▶ EXERCISE BRIEF:
Copy nothing but the lines below running from the line containing "two min-max problems coincide." through the line containing "Lemma norm_convex_comb4 (R", both end lines included.

▶ DATA EXCERPTS:

(* Let $b_1 < b_2$ be real numbers and $h>0$, and let $\mathcal{B}\subset\mathbb{C}$ be the closed rectangle with vertices $b_1, b_2, \beta_1 = b_1 - \mathrm{i}h, \beta_2 = b_2 - \mathrm{i}h$ (so $\operatorname{Im}(b_j)=0$ and $\operatorname{Im}(\beta_j)=-h<0$). Fix $z\in\mathbb{C}$ and, for $p\in\mathbb{C}$, let $R_p(\lambda) = 1-(\lambda-z)p$. Then: (i) for every $p\in\mathbb{C}$, $\max_{\lambda\in\mathcal{B}}|R_p(\lambda)| = \max_{\lambda\in\{b_1,b_2,\beta_1,\beta_2\}}|R_p(\lambda)|$; consequently \[ \min_{p\in\mathbb{C}}\max_{\lambda\in\mathcal{B}}|R_p(\lambda)|=\min_{p\in\mathbb{C}}\max_{\lambda\in\{b_1, b_2, \beta_1, \beta_2\}}|R_p(\lambda)|. \] (ii) If moreover $\operatorname{Im}(z)\notin[-h, 0]$ and $z$ lies in the interior of the circumcircle of $\mathcal{B}$, define \[ (\alpha_1, \alpha_2) = \begin{cases} (b_1-z,\ b_2-z) & \text{if } \operatorname{Im}(z)>0,\\ (\beta_1-z,\ \beta_2-z) & \text{otherwise}.\end{cases} \] Then \[ \min_{p\in\mathbb{C}}\max_{\lambda\in\mathcal{B}}|R_p(\lambda)| = \frac{|\alpha_1 - \alpha_2|}{|\alpha_1|+|\alpha_2|}, \] and this minimum is attained at $p^\ast=\dfrac{|\alpha_1|/\alpha_1 + |\alpha_2|/\alpha_2}{|\alpha_1|+|\alpha_2|}$.
   Context: This concerns the stationary Richardson iteration $y^{(m+1)} = y^{(m)} + p\,(f-(A-zI)y^{(m)})$ for a shifted system $(A-zI)y=f$ whose spectrum lies in $\mathcal{B}$; $R_p$ is its residual polynomial. *)

(* The complex plane is modelled by an arbitrary
   numClosedFieldType C (e.g. algC); real numbers are elements x with
   x \is Num.real. *)
From HB Require Import structures.
From mathcomp Require Import all_boot all_order all_algebra.
Set Implicit Arguments. Unset Strict Implicit. Unset Printing Implicit Defensive.
Import Order.TTheory GRing.Theory Num.Theory.
Local Open Scope ring_scope.

Section Defs.
Variable C : numClosedFieldType.

Definition Rp (z p l : C) : C := 1 - (l - z) * p.

Definition rect (b1 b2 h : C) : C -> bool :=
  fun l => (b1 <= 'Re l <= b2) && (- h <= 'Im l <= 0).

Definition verts (b1 b2 h : C) : C -> bool :=
  fun l => l \in [:: b1; b2; b1 - 'i * h; b2 - 'i * h].

Definition is_max_on (A : C -> bool) (f : C -> C) (m : C) : Prop :=
  (exists2 l, A l & f l = m) /\ (forall l, A l -> f l <= m).

Definition is_minmax (A : C -> bool) (z v : C) : Prop :=
  (exists p, is_max_on A (fun l => `|Rp z p l|) v) /\
  (forall p m, is_max_on A (fun l => `|Rp z p l|) m -> v <= m).

End Defs.

From HB Require Import structures.
From mathcomp Require Import all_boot all_order all_algebra.
From mathcomp Require Import ring.
Set Implicit Arguments. Unset Strict Implicit. Unset Printing Implicit Defensive.
Import Order.TTheory GRing.Theory Num.Theory.
Local Open Scope ring_scope.

(* (i) R_p is affine in l, so at a point of the rectangle it is a bilinear,
   hence convex, combination of its values at the four vertices; the maximum of
   |R_p| over the rectangle is therefore its maximum over the vertices, and the
   two min-max problems coincide.

   (ii) Let A1, A2 be the two vertices nearest to z, translated by -z (b1, b2
   when Im z > 0; b1 - ih, b2 - ih when Im z < -h), so that R_p takes the
   values 1 - A1 p, 1 - A2 p there.  For every p the identity
   A1 - A2 = A1 (1 - A2 p) - A2 (1 - A1 p) bounds max_j |1 - Aj p| below by
   v = |A1 - A2| / (|A1| + |A2|), and pstar = (|A1|/A1 + |A2|/A2) / (|A1| + |A2|)
   attains v at both points.  The other two vertices are the near ones shifted
   by 'i t (t = -h or t = h); in Cartesian coordinates the squared residual of
   pstar there is v^2 plus a correction whose sign is fixed by the circumcircle
   condition, so pstar stays below v on all four vertices, hence on the
   rectangle by (i). *)

Lemma norm_convex_comb4 (R : numDomainType) (w1 w2 w3 w4 r1 r2 r3 r4 m : R) :
  0 <= w1 -> 0 <= w2 -> 0 <= w3 -> 0 <= w4 -> w1 + w2 + w3 + w4 = 1 ->
  `|r1| <= m -> `|r2| <= m -> `|r3| <= m -> `|r4| <= m ->
  `|w1 * r1 + w2 * r2 + w3 * r3 + w4 * r4| <= m.
Proof.
move=> w1_ge0 w2_ge0 w3_ge0 w4_ge0 sum_w r1m r2m r3m r4m.
have -> : m = w1 * m + w2 * m + w3 * m + w4 * m by rewrite -!mulrDl sum_w mul1r.
apply: le_trans (ler_normD _ _) _; apply: lerD; last first.
  by rewrite normrM ger0_norm // ler_wpM2l.
apply: le_trans (ler_normD _ _) _; apply: lerD; last first.
  by rewrite normrM ger0_norm // ler_wpM2l.
apply: le_trans (ler_normD _ _) _.
by apply: lerD; rewrite normrM ger0_norm // ler_wpM2l.
Qed.

Lemma seq_argmax (R : numDomainType) (T : eqType) (f : T -> R) (s : seq T) :
  (forall x, f x \is Num.real) -> s != [::] ->
  exists2 k, k \in s & forall j, j \in s -> f j <= f k.
Proof.
move=> f_real; elim: s => [//|x [|y s] IH] _.
  by exists x => [|j]; rewrite ?inE ?eqxx // => /eqP ->.
have [k k_in k_max] := IH isT.
have [fxk | fkx] := real_leP (f_real x) (f_real k).
- exists k => [|j]; first by rewrite inE k_in orbT.
  by rewrite inE => /orP [/eqP -> //|]; exact: k_max.
- exists x => [|j]; first by rewrite inE eqxx.
  by rewrite inE => /orP [/eqP -> //|/k_max jk]; exact: le_trans jk (ltW fkx).
Qed.

Section Rectangle.
Variables (C : numClosedFieldType) (b1 b2 h : C).
Hypotheses (b1_real : b1 \is Num.real) (b2_real : b2 \is Num.real).
Hypotheses (h_real : h \is Num.real) (lt_b12 : b1 < b2) (h_gt0 : 0 < h).

Lemma verts_rect l : verts b1 b2 h l -> rect b1 b2 h l.
Proof.
have [le_b12 h_ge0] := (ltW lt_b12, ltW h_gt0).
rewrite /verts !inE => /or4P [] /eqP ->; rewrite /rect.
- by rewrite (Creal_ReP _ b1_real) (Creal_ImP _ b1_real) !lexx le_b12 oppr_le0 h_ge0.
- by rewrite (Creal_ReP _ b2_real) (Creal_ImP _ b2_real) !lexx le_b12 oppr_le0 h_ge0.
- by rewrite -mulrN Re_rect ?Im_rect ?rpredN // !lexx le_b12 oppr_le0 h_ge0.
- by rewrite -mulrN Re_rect ?Im_rect ?rpredN // !lexx le_b12 oppr_le0 h_ge0.
Qed.

(* Since R_p is affine, R_p at a point of the rectangle is a convex (bilinear)
   combination of its values at the four vertices; hence a bound on the
   vertices is a bound on the whole rectangle. *)
Lemma rect_residual_bound (z p m : C) :
  (forall l, verts b1 b2 h l -> `|Rp z p l| <= m) ->
  forall l, rect b1 b2 h l -> `|Rp z p l| <= m.
Proof.
move=> vert_bound l /andP [/andP [L1 L2] /andP [I1 I2]].
set L := 'Re l in L1 L2; set I := 'Im l in I1 I2.
set s := (L - b1) / (b2 - b1); set u := - I / h.
have width_gt0 : 0 < b2 - b1 by rewrite subr_gt0.
have s_ge0 : 0 <= s by rewrite divr_ge0 ?subr_ge0 // ltW.
have s_le1 : 0 <= 1 - s by rewrite subr_ge0 ler_pdivrMr // mul1r lerD2r.
have u_ge0 : 0 <= u by rewrite divr_ge0 ?oppr_ge0 // ltW.
have u_le1 : 0 <= 1 - u by rewrite subr_ge0 ler_pdivrMr // mul1r lerNl.
have -> : Rp z p l = ((1 - s) * (1 - u)) * Rp z p b1 + (s * (1 - u)) * Rp z p b2
   + ((1 - s) * u) * Rp z p (b1 - 'i * h) + (s * u) * Rp z p (b2 - 'i * h).
  rewrite /Rp [l]Crect /s /u; field.
  by rewrite !gt_eqF.
apply: norm_convex_comb4; try exact: mulr_ge0; first ring.
all: by apply: vert_bound; rewrite /verts !inE eqxx ?orbT.
Qed.

Lemma max_on_rect_iff_verts (z p m : C) :
  is_max_on (rect b1 b2 h) (fun l => `|Rp z p l|) m <->
  is_max_on (verts b1 b2 h) (fun l => `|Rp z p l|) m.
Proof.
split=> [[[l0 l0_rect <-] bound] | [[l0 l0_vert <-] bound]].
- have [k k_vert k_max] := @seq_argmax C C (fun l => `|Rp z p l|)
    [:: b1; b2; b1 - 'i * h; b2 - 'i * h] (fun l => normr_real _) isT.
  have max_at_k : `|Rp z p l0| = `|Rp z p k|.
    apply/eqP; rewrite eq_le bound ?verts_rect // andbT.
    exact: rect_residual_bound k_max _ l0_rect.
  split=> [|l /verts_rect /bound]; first by exists k.
  by rewrite max_at_k.
- split=> [|l]; first by exists l0 => //; apply: verts_rect.
  exact: rect_residual_bound.
Qed.

End Rectangle.

Lemma is_minmax_congr (C : numClosedFieldType) (A B : C -> bool) (z : C) :
  (forall p m, is_max_on A (fun l => `|Rp z p l|) m <->
               is_max_on B (fun l => `|Rp z p l|) m) ->
  forall v, is_minmax A z v <-> is_minmax B z v.
Proof.
move=> same_max v.
by split=> [[[p /same_max opt] low] | [[p /same_max opt] low]];
  split=> [|q m /same_max]; by [exists p | apply: low].
Qed.

Lemma pstar_residual_norm (F : numFieldType) (A1 A2 : F) : A1 != 0 -> A2 != 0 ->
  `|1 - A1 * ((`|A1| / A1 + `|A2| / A2) / (`|A1| + `|A2|))| =
  `|A1 - A2| / (`|A1| + `|A2|).
Proof.
move=> A1_neq0 A2_neq0; have S_gt0 : 0 < `|A1| + `|A2| by rewrite addr_gt0 ?normr_gt0.
have -> : 1 - A1 * ((`|A1| / A1 + `|A2| / A2) / (`|A1| + `|A2|))
        = `|A2| * (A2 - A1) / (A2 * (`|A1| + `|A2|)).
  by field; rewrite A1_neq0 A2_neq0 gt_eqF.
rewrite normrM normfV !normrM !normr_id (ger0_norm (ltW S_gt0)) distrC.
by field; rewrite normr_eq0 A2_neq0 gt_eqF.
Qed.

Lemma pstar_equioscillation (F : numFieldType) (A1 A2 : F) :
  A1 != 0 -> A2 != 0 ->
  let v := `|A1 - A2| / (`|A1| + `|A2|) in
  let p := (`|A1| / A1 + `|A2| / A2) / (`|A1| + `|A2|) in
  `|1 - A1 * p| = v /\ `|1 - A2 * p| = v.
Proof.
move=> A1_neq0 A2_neq0 v p; split; first exact: pstar_residual_norm.
have := pstar_residual_norm A2_neq0 A1_neq0.
by rewrite [`|A2 - A1|]distrC [`|A2| + _]addrC [_ / A2 + _]addrC.
Qed.

(* Lower bound: no parameter p does better than this value on {A1, A2},
   because A1 - A2 = A1 (1 - A2 p) - A2 (1 - A1 p). *)
Lemma two_point_lower_bound (F : numFieldType) (A1 A2 p m : F) : A1 != 0 ->
  `|1 - A1 * p| <= m -> `|1 - A2 * p| <= m -> `|A1 - A2| / (`|A1| + `|A2|) <= m.
Proof.
move=> A1_neq0 bound1 bound2.
rewrite ler_pdivrMr ?ltr_wpDr ?normr_gt0 //.
have -> : A1 - A2 = A1 * (1 - A2 * p) - A2 * (1 - A1 * p) by ring.
apply: le_trans (ler_normB _ _) _.
rewrite !normrM mulrDr [m * `|A1|]mulrC [m * `|A2|]mulrC.
by apply: lerD; apply: ler_wpM2l.
Qed.

Lemma circle_key_ineq (R : numDomainType) (K P y D h : R) :
  D \is Num.real -> 0 < K -> 0 < y -> 0 < h ->
  (K + P) * (K - P) = y ^+ 2 * D ^+ 2 -> P + y * h < 0 ->
  h * (K + P) <= y * D ^+ 2.
Proof.
move=> D_real K_gt0 y_gt0 h_gt0 diff_sq circ.
have yh_lt : y * h < K - P.
  rewrite -subr_gt0 (_ : K - P - y * h = K + - (P + y * h)); last by ring.
  by rewrite addr_gt0 // oppr_gt0.
have KP_gt0 : 0 < K - P by apply: lt_trans yh_lt; rewrite mulr_gt0.
have yD_ge0 : 0 <= y * D ^+ 2 by rewrite mulr_ge0 ?real_exprn_even_ge0 ?ltW.
rewrite -(ler_pM2r KP_gt0) -mulrA diff_sq.
rewrite (_ : h * _ = y * D ^+ 2 * (y * h)); last by ring.
by rewrite ler_wpM2l // ltW.
Qed.

Lemma shift_sign (R : numDomainType) (K P Y D h t : R) :
  Y \is Num.real -> Y != 0 -> D \is Num.real -> 0 < K -> 0 < h ->
  (K + P) * (K - P) = Y ^+ 2 * D ^+ 2 -> P + `|Y| * h < 0 ->
  t = (if 0 < Y then - h else h) ->
  t * (Y * D ^+ 2 + t * (K + P)) <= 0.
Proof.
move=> Y_real Y_neq0 D_real K_gt0 h_gt0 diff_sq circ ->.
have key : h * (K + P) <= `|Y| * D ^+ 2.
  by apply: circle_key_ineq; rewrite ?normr_gt0 ?real_normK.
have [Y_gt0 | Y_le0] := real_ltP (real0 R) Y_real.
- rewrite gtr0_norm // in key.
  rewrite mulNr oppr_le0 mulr_ge0 ?(ltW h_gt0) //.
  by rewrite mulNr subr_ge0.
- have Y_lt0 : Y < 0 by rewrite lt_neqAle Y_neq0.
  rewrite ltr0_norm // mulNr in key.
  rewrite mulr_ge0_le0 ?(ltW h_gt0) //.
  by rewrite addrC -lerBrDr sub0r.
Qed.

Section ResidualIdentity.
Variables (R : comPzRingType) (a1 a2 Y n1 n2 t : R).
Hypotheses (n1_sq : n1 ^+ 2 = a1 ^+ 2 + Y ^+ 2) (n2_sq : n2 ^+ 2 = a2 ^+ 2 + Y ^+ 2).

Let K := n1 * n2.
Let S := n1 + n2.
Let U := a1 * n2 + a2 * n1.
Let D := a2 - a1.
Let P := a1 * a2 + Y ^+ 2.

(* Below n_j = |A_j|, A_j = a_j - iY, and pstar K S = U + i Y S; the unshifted
   residual (1 - A1 pstar) K S has squared modulus D^2 K^2. *)
Let unshifted_sq : (K * S - a1 * U - Y * (Y * S)) ^+ 2 + (a1 * (Y * S) - Y * U) ^+ 2
  = D ^+ 2 * K ^+ 2.
Proof.
have -> : K * S - a1 * U - Y * (Y * S)
  = n1 * a2 * D + n2 * (n1 ^+ 2 - (a1 ^+ 2 + Y ^+ 2)) + n1 * (n2 ^+ 2 - (a2 ^+ 2 + Y ^+ 2)).
  by rewrite /K /S /U /D; ring.
rewrite -n1_sq -n2_sq !subrr !mulr0 !addr0.
have -> : D ^+ 2 * K ^+ 2 = D ^+ 2 * n1 ^+ 2 * n2 ^+ 2 by rewrite /K; ring.
by rewrite n2_sq /S /U /D; ring.
Qed.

▶ RESULT:
   two min-max problems coincide.

   (ii) Let A1, A2 be the two vertices nearest to z, translated by -z (b1, b2
   when Im z > 0; b1 - ih, b2 - ih when Im z < -h), so that R_p takes the
   values 1 - A1 p, 1 - A2 p there.  For every p the identity
   A1 - A2 = A1 (1 - A2 p) - A2 (1 - A1 p) bounds max_j |1 - Aj p| below by
   v = |A1 - A2| / (|A1| + |A2|), and pstar = (|A1|/A1 + |A2|/A2) / (|A1| + |A2|)
   attains v at both points.  The other two vertices are the near ones shifted
   by 'i t (t = -h or t = h); in Cartesian coordinates the squared residual of
   pstar there is v^2 plus a correction whose sign is fixed by the circumcircle
   condition, so pstar stays below v on all four vertices, hence on the
   rectangle by (i). *)

Lemma norm_convex_comb4 (R : numDomainType) (w1 w2 w3 w4 r1 r2 r3 r4 m : R) :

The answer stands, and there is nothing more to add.